§ PROVIDED ENTRIES:
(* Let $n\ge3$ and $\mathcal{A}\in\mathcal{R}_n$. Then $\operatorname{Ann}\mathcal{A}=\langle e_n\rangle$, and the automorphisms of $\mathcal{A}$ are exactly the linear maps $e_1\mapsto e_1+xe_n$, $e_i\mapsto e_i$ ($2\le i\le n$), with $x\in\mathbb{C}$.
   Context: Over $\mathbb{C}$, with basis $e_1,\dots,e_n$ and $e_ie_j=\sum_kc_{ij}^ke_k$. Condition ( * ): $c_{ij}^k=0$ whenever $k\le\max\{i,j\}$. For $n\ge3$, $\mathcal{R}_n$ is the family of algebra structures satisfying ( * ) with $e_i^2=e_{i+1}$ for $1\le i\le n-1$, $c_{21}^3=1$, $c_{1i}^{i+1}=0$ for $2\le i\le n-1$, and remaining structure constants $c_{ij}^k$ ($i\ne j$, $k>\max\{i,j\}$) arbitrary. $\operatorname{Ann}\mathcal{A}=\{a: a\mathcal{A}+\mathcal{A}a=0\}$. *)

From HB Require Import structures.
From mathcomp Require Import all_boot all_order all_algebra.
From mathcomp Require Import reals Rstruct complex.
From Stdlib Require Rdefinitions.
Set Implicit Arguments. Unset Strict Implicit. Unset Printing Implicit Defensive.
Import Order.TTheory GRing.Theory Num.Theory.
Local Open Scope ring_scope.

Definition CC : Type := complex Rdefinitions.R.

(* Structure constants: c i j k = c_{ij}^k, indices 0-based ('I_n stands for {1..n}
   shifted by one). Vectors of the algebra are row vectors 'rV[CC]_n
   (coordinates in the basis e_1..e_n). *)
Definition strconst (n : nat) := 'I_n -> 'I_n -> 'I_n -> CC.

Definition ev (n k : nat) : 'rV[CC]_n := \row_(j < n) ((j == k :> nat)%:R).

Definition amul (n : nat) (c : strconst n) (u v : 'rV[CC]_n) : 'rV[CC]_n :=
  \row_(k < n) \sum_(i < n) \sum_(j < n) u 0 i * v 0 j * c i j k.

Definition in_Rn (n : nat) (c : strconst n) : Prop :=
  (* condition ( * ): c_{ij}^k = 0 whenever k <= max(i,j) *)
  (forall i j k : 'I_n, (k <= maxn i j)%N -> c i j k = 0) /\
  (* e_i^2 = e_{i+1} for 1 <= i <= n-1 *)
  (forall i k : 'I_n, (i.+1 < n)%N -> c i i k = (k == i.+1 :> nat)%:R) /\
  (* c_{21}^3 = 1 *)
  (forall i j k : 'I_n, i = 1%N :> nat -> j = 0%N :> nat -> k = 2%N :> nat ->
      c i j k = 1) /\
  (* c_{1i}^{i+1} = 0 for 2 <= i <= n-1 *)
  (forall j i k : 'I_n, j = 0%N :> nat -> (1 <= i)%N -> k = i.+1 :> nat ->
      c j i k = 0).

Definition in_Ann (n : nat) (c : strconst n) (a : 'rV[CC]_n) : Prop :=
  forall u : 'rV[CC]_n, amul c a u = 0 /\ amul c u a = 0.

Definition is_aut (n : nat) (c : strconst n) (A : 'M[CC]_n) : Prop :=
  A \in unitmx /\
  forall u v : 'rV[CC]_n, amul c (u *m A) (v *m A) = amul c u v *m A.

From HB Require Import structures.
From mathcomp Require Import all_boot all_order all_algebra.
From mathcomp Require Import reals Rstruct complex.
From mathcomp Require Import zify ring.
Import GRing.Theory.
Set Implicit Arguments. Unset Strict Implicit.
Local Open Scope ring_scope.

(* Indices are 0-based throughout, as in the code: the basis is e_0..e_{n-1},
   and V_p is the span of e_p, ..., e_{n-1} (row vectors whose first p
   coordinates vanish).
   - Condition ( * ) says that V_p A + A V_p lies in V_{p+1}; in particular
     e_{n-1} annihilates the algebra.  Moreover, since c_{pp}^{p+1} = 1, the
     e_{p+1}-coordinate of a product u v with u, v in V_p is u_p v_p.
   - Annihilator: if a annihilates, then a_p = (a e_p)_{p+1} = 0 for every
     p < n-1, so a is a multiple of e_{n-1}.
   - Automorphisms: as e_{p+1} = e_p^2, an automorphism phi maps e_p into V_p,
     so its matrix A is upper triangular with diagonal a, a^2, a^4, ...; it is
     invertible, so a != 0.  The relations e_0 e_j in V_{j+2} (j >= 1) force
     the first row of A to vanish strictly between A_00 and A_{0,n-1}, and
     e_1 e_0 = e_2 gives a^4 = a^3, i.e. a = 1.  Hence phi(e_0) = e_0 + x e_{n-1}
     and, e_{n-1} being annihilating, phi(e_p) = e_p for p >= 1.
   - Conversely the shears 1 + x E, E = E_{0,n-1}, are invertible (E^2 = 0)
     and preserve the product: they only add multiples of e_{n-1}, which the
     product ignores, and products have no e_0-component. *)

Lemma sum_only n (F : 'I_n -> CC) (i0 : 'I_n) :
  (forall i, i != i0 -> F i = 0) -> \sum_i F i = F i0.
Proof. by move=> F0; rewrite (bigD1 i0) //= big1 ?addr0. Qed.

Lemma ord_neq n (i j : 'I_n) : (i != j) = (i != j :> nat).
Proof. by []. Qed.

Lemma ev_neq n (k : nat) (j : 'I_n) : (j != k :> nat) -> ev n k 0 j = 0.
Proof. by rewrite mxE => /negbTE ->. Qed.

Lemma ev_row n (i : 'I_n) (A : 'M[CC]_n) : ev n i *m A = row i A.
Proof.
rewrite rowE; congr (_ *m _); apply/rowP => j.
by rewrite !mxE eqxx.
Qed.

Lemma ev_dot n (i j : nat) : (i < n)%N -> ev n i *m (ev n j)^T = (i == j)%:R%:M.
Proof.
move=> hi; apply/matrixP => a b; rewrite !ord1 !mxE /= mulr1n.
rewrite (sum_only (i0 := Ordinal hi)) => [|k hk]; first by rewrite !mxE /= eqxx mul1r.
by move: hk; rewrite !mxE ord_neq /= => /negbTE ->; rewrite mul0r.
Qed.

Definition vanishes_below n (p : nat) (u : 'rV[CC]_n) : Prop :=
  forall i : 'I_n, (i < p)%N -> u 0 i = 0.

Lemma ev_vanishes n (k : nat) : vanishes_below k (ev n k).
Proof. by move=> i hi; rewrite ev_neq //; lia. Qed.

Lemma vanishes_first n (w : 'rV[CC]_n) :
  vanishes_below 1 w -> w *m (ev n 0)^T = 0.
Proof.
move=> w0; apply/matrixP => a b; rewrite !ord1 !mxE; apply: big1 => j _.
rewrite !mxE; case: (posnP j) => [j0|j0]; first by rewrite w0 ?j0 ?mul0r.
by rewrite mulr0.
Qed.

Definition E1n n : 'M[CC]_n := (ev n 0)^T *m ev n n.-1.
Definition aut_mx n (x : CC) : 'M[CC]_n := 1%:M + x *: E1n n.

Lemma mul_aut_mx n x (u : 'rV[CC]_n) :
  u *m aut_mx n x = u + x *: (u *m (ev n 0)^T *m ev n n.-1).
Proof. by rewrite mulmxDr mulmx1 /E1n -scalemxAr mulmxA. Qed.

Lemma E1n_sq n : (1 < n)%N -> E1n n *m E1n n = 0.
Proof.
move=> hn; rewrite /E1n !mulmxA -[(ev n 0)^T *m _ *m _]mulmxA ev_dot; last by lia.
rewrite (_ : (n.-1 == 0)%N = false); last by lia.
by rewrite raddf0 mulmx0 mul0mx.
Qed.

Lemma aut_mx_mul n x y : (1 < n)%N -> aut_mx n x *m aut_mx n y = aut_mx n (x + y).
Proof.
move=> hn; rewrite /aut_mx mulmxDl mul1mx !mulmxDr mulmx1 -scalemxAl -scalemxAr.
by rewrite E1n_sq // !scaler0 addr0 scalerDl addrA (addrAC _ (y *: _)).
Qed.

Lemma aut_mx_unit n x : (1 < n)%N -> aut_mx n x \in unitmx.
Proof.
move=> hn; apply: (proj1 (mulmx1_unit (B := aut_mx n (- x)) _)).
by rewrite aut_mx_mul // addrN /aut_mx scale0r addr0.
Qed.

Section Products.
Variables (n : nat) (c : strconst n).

* * *

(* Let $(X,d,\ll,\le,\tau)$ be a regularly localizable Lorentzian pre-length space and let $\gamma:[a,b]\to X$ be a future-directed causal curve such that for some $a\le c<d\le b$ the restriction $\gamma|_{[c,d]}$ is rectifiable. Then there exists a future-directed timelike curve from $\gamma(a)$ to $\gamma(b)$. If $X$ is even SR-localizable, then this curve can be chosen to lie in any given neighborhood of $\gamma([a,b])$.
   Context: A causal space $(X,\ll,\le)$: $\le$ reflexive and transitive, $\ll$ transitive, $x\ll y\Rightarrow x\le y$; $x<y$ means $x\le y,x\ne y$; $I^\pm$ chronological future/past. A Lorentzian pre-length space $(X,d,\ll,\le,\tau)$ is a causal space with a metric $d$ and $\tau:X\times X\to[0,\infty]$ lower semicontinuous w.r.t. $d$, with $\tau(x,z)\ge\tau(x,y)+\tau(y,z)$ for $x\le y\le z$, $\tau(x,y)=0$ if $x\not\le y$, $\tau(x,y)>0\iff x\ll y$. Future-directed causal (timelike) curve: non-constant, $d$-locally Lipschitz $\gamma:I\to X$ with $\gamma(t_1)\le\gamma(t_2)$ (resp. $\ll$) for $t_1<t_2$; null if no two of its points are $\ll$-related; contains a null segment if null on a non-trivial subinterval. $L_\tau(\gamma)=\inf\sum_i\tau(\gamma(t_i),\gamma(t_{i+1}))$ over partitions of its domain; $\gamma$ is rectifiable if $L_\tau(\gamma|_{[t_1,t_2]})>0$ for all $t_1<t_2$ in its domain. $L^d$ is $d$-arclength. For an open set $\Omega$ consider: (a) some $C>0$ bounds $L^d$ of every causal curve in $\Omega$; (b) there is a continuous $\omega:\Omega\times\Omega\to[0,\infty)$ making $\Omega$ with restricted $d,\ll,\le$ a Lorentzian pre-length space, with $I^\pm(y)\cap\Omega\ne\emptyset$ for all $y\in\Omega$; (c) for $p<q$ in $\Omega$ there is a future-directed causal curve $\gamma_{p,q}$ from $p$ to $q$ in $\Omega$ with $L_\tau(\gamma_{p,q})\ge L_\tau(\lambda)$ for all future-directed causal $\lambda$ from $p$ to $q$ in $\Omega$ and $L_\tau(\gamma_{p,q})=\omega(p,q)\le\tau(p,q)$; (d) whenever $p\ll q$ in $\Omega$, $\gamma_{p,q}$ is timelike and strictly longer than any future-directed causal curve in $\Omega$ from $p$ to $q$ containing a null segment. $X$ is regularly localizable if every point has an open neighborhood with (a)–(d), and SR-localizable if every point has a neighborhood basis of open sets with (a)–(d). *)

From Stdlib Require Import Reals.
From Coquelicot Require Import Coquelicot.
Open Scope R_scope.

* * *

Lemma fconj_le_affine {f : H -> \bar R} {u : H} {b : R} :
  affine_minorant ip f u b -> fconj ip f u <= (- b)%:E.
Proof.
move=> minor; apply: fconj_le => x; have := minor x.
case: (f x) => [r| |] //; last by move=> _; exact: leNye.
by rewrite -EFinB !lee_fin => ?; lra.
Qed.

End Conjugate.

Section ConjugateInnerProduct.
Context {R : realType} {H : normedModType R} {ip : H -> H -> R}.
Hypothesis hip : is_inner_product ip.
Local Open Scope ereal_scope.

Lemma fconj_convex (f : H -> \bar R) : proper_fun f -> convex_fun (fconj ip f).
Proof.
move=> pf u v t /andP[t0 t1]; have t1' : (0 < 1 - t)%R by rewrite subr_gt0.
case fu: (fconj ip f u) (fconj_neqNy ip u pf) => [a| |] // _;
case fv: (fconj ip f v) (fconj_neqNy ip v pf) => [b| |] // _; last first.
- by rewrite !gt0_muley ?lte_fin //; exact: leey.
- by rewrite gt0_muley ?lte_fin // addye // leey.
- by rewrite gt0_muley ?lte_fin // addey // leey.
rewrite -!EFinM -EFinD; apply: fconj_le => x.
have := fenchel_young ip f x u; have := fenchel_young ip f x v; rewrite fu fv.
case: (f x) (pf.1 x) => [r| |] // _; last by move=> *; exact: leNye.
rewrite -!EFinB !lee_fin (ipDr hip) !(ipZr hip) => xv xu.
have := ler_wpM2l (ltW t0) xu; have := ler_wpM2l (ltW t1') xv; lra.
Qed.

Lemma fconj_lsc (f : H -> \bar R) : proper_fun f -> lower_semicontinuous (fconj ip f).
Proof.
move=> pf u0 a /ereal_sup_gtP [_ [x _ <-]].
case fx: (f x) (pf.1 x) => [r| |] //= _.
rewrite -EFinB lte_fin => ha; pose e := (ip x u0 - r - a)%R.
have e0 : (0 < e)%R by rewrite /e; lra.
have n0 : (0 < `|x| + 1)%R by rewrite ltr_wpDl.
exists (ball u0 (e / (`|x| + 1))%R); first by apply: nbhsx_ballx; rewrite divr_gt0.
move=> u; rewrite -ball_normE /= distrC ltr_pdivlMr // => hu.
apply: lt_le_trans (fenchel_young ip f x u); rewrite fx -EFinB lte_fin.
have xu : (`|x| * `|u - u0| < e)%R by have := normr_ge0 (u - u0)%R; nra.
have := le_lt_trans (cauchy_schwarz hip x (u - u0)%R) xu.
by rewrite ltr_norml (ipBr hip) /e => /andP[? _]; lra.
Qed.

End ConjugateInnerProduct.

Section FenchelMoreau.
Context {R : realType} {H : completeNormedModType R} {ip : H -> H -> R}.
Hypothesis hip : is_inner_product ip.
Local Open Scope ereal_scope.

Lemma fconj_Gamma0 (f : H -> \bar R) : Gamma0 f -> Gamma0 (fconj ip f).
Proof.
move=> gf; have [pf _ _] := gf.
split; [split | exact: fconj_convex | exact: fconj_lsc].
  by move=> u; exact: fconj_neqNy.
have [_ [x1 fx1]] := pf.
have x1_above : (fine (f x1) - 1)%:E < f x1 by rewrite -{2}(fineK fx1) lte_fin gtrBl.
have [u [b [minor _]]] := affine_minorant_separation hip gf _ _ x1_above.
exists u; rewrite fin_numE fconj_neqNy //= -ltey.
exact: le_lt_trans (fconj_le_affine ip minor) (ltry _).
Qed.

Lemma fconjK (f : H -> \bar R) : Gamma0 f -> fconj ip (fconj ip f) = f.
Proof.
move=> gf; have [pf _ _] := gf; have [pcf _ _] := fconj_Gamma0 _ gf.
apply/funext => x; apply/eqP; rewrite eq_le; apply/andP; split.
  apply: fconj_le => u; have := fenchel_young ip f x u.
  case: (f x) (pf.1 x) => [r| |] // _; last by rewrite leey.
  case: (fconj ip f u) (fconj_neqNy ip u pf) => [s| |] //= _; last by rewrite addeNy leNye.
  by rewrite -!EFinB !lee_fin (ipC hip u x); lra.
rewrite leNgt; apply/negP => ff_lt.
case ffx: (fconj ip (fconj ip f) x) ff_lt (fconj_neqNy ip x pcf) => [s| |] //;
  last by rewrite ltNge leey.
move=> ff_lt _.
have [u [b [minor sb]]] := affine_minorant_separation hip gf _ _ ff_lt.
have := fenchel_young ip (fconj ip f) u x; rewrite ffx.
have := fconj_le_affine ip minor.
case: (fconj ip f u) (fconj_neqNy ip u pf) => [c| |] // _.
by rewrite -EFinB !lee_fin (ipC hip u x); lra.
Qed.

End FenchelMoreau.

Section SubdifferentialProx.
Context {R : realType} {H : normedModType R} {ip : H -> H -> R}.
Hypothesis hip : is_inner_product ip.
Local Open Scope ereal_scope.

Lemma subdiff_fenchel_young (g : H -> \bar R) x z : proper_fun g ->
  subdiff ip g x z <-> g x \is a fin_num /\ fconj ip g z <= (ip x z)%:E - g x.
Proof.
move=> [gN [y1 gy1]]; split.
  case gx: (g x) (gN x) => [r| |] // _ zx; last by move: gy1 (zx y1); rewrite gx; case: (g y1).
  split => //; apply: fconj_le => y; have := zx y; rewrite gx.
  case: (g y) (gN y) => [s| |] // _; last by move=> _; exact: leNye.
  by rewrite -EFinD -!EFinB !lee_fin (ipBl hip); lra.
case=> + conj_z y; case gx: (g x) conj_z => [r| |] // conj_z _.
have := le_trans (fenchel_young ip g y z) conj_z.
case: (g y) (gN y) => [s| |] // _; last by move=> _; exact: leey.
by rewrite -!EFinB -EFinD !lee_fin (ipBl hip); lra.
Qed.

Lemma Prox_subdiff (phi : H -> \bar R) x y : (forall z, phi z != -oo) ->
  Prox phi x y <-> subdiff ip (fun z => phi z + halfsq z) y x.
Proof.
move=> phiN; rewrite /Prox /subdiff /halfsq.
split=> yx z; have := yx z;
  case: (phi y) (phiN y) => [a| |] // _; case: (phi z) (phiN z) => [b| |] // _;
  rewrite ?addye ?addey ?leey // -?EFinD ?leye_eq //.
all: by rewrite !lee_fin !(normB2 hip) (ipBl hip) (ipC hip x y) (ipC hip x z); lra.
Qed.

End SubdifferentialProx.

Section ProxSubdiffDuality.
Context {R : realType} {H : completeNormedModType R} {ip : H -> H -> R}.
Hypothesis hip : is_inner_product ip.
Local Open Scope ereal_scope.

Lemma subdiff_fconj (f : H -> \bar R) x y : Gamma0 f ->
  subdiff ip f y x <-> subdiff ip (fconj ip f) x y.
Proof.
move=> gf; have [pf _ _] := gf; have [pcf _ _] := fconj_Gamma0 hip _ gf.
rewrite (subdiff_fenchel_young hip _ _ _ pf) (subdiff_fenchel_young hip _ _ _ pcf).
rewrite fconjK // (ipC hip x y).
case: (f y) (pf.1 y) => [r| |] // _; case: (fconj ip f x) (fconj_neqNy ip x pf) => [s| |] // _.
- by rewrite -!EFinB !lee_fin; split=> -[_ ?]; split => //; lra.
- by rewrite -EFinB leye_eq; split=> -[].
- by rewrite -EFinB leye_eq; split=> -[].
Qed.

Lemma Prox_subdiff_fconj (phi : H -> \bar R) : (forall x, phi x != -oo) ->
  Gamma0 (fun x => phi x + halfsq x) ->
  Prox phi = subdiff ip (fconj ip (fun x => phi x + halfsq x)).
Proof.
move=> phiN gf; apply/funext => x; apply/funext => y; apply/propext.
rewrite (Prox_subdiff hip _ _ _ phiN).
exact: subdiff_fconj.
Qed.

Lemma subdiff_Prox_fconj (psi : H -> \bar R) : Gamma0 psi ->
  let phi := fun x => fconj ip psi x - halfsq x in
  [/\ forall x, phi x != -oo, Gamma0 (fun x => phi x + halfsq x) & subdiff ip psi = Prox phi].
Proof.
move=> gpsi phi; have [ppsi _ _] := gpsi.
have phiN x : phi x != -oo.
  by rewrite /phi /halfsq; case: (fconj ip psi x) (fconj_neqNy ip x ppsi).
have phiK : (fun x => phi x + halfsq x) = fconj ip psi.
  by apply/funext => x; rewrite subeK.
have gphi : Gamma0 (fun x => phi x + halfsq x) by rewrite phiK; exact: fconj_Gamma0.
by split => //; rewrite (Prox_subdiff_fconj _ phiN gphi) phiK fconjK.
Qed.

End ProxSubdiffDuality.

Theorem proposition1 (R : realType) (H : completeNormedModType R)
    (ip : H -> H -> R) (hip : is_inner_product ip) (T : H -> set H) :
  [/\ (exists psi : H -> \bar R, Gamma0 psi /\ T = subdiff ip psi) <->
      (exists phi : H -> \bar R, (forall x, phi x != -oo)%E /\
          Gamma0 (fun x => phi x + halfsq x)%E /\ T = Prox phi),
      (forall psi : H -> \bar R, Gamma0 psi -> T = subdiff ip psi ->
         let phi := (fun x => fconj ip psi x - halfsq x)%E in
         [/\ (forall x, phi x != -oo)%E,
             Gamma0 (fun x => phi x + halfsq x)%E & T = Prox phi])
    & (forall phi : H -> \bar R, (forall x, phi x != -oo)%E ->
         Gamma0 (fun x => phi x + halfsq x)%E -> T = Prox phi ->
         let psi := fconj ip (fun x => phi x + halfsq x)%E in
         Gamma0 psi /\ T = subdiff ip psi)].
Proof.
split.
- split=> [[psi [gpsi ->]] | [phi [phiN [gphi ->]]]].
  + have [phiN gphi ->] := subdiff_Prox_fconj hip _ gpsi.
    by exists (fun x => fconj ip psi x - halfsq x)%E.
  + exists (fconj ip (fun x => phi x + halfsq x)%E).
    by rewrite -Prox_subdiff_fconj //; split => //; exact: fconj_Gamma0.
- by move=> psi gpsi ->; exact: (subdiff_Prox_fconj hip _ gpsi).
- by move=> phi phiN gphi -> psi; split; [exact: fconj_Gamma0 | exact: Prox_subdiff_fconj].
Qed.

§ WORK INSTRUCTION: Print the lines above from the one with "have gphi : Gamma0" through the one with "Gamma0 (fun x => phi x + halfsq x)%E &", both included, exactly as written and nothing more.

§ FINISHED TASK:
have gphi : Gamma0 (fun x => phi x + halfsq x) by rewrite phiK; exact: fconj_Gamma0.
by split => //; rewrite (Prox_subdiff_fconj _ phiN gphi) phiK fconjK.
Qed.

End ProxSubdiffDuality.

Theorem proposition1 (R : realType) (H : completeNormedModType R)
    (ip : H -> H -> R) (hip : is_inner_product ip) (T : H -> set H) :
  [/\ (exists psi : H -> \bar R, Gamma0 psi /\ T = subdiff ip psi) <->
      (exists phi : H -> \bar R, (forall x, phi x != -oo)%E /\
          Gamma0 (fun x => phi x + halfsq x)%E /\ T = Prox phi),
      (forall psi : H -> \bar R, Gamma0 psi -> T = subdiff ip psi ->
         let phi := (fun x => fconj ip psi x - halfsq x)%E in
         [/\ (forall x, phi x != -oo)%E,
             Gamma0 (fun x => phi x + halfsq x)%E & T = Prox phi])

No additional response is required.